===== Extracted material

Lemma SGvert_elt1_elt2 (A : T) : SGvert k A -> elt1 \in A -> elt2 \notin A.
Proof.
case/andP=> _ /forallP stableA A1; apply/negP => A2.
by have /forallP/(_ elt2) := stableA elt1; rewrite A1 A2 elt2_val.
Qed.

Lemma SGrule_xor (A B : T) : [disjoint A & B] -> A != B -> SGrule A B (+) SGrule B A.
Proof.
move=> dAB neAB; rewrite /SGrule.
case A1: (elt1 \in A); first by rewrite (disjointFr dAB A1).
case B1: (elt1 \in B) => //.
case B2: (elt2 \in B); first by rewrite (disjointFl dAB B2).
case A2: (elt2 \in A) => //.
have : enum_rank A != enum_rank B by apply: contra neAB => /eqP /enum_rank_inj ->.
by rewrite neq_ltn => /orP[] lt_AB; rewrite lt_AB ltnNge ltnW.
Qed.

Lemma SGori_orientation : is_orientation k SGori.
Proof.
split=> [A B /andP[] //|A B adjAB].
rewrite /SGori adjAB -SGadjC adjAB.
exact: SGrule_xor (SGadj_disjoint adjAB) (SGadj_neq adjAB).
Qed.

Lemma SGori_elt1 (X Y : T) : SGori X Y -> elt1 \notin Y.
Proof.
case/andP=> /SGadj_disjoint dXY; rewrite /SGrule.
case X1: (elt1 \in X); first by rewrite (disjointFr dXY X1).
by case: (elt1 \in Y).
Qed.

Lemma SGori_elt2 (X Y : T) : SGori X Y -> elt2 \notin X.
Proof.
case/andP=> adjXY; rewrite /SGrule.
case X1: (elt1 \in X).
  by move: adjXY => /and3P[vX _ _] _; exact: SGvert_elt1_elt2 vX X1.
case: (elt1 \in Y) => //.
case Y2: (elt2 \in Y); first by rewrite (disjointFl (SGadj_disjoint adjXY) Y2).
by case: (elt2 \in X).
Qed.

Definition arc_avoiding (x : 'I_m.+2) (X Y : T) : bool :=
  [&& SGori X Y, x \notin X & x \notin Y].

Lemma arc_avoiding_edge x (X Y : T) : SGadj k X Y ->
  arc_avoiding x X Y + arc_avoiding x Y X = (x \notin X) && (x \notin Y).
Proof.
move=> adjXY; have [_ /(_ X Y adjXY)] := SGori_orientation.
rewrite /arc_avoiding; case: (SGori X Y); case: (SGori Y X) => //= _.
  by rewrite addn0.
by rewrite add0n andbC.
Qed.

(* A vertex with both an in-arc and an out-arc does not contain 1, so its out-arc avoids 1. *)
Lemma mixed_le_out_avoiding1 (p x q : T) :
  (SGori p x && SGori x q) || (SGori q x && SGori x p)
    <= arc_avoiding elt1 x q + arc_avoiding elt1 x p.
Proof.
rewrite /arc_avoiding; case/boolP: (SGori p x && SGori x q) => [/andP[px xq]|_] /=.
  by rewrite xq (SGori_elt1 px) (SGori_elt1 xq).
case/boolP: (SGori q x && SGori x p) => [/andP[qx xp]|_] //=.
by rewrite xp (SGori_elt1 qx) (SGori_elt1 xp) addn1.
Qed.

Lemma mixed_le_in_avoiding2 (p x q : T) :
  (SGori p x && SGori x q) || (SGori q x && SGori x p)
    <= arc_avoiding elt2 q x + arc_avoiding elt2 p x.
Proof.
rewrite /arc_avoiding; case/boolP: (SGori p x && SGori x q) => [/andP[px xq]|_] /=.
  by rewrite px (SGori_elt2 px) (SGori_elt2 xq) addn1.
case/boolP: (SGori q x && SGori x p) => [/andP[qx xp]|_] //=.
by rewrite qx (SGori_elt2 qx) (SGori_elt2 xp).
Qed.

End Orientation.

Section OddCycle.
Variables (m k : nat) (c : seq {set 'I_m.+2}).
Hypotheses (k_gt0 : 0 < k) (c_odd : odd_cycle k c).
Local Notation L := (size c).
Local Notation A i := (nth set0 c i).

Definition uncovered (x : 'I_m.+2) : nat :=
  \sum_(i < L) ((x \notin A i) && (x \notin A (i.+1 %% L))).

Let L_gt0 : 0 < L.
Proof. by case/andP: c_odd => /and3P[/ltnW/ltnW]. Qed.

Let adj_next i : i < L -> SGadj k (A i) (A (i.+1 %% L)).
Proof. by case/andP: c_odd => /and3P[_ _ /(@cycle_nthP _ set0 _ _ L_gt0) /(_ i)]. Qed.

Lemma odd_uncovered x : odd (uncovered x).
Proof.
rewrite /uncovered (@odd_sum_cyclic_both_false (fun i => x \in A i) _ L_gt0).
  by case/andP: c_odd.
move=> i lt_iL; apply/negP => /andP[xAi xAj].
by rewrite (disjointFr (SGadj_disjoint (adj_next lt_iL)) xAi) in xAj.
Qed.

Lemma sum_uncovered : \sum_x uncovered x = (m.+2 - 2 * k) * L.
Proof.
rewrite /uncovered (@sum_uncovered_disjoint_pairs _ k) ?card_ord // => i lt_iL.
  by have /and3P[/andP[/eqP]] := adj_next lt_iL.
exact: SGadj_disjoint (adj_next lt_iL).
Qed.

Lemma count_mixed_le_uncovered1 :
  count (mixed_at (SGori k) c) (iota 0 L) <= uncovered (elt1 m).
Proof.
rewrite count_iota0 /uncovered.
apply: (@cyclic_charging L (mixed_at (SGori k) c)
          (fun i => (elt1 m \notin A i) && (elt1 m \notin A (i.+1 %% L)))
          (fun i j => arc_avoiding k (elt1 m) (A i) (A j))) => // i lt_iL.
  by rewrite /mixed_at; apply: mixed_le_out_avoiding1.
exact: arc_avoiding_edge (adj_next lt_iL).
Qed.

Lemma count_mixed_le_uncovered2 :
  count (mixed_at (SGori k) c) (iota 0 L) <= uncovered (elt2 m).
Proof.
rewrite count_iota0 /uncovered.
apply: (@cyclic_charging L (mixed_at (SGori k) c)
          (fun i => (elt2 m \notin A i) && (elt2 m \notin A (i.+1 %% L)))
          (fun i j => arc_avoiding k (elt2 m) (A j) (A i))) => // i lt_iL.
  by rewrite /mixed_at; apply: mixed_le_in_avoiding2.
by rewrite addnC; exact: arc_avoiding_edge (adj_next lt_iL).
Qed.

Lemma alternating_of_small_odd_cycle :
  (m.+2 - 2 * k) * L < m.+2 + 4 -> alternating (SGori k) c.
Proof.
move=> small; rewrite /alternating leqNgt; apply: contraTN small => two_mixed.
rewrite -sum_uncovered -leqNgt -[X in X + 4](card_ord m.+2).
apply: card_add4_le_sum_odd (elt1_neq_elt2 m) odd_uncovered _ _.
  exact: leq_trans two_mixed count_mixed_le_uncovered1.
exact: leq_trans two_mixed count_mixed_le_uncovered2.
Qed.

==========

• _About this task_
In the records above, find every line containing the word "negP" and show it.

• _Your solution_
case/andP=> _ /forallP stableA A1; apply/negP => A2.
move=> i lt_iL; apply/negP => /andP[xAi xAj].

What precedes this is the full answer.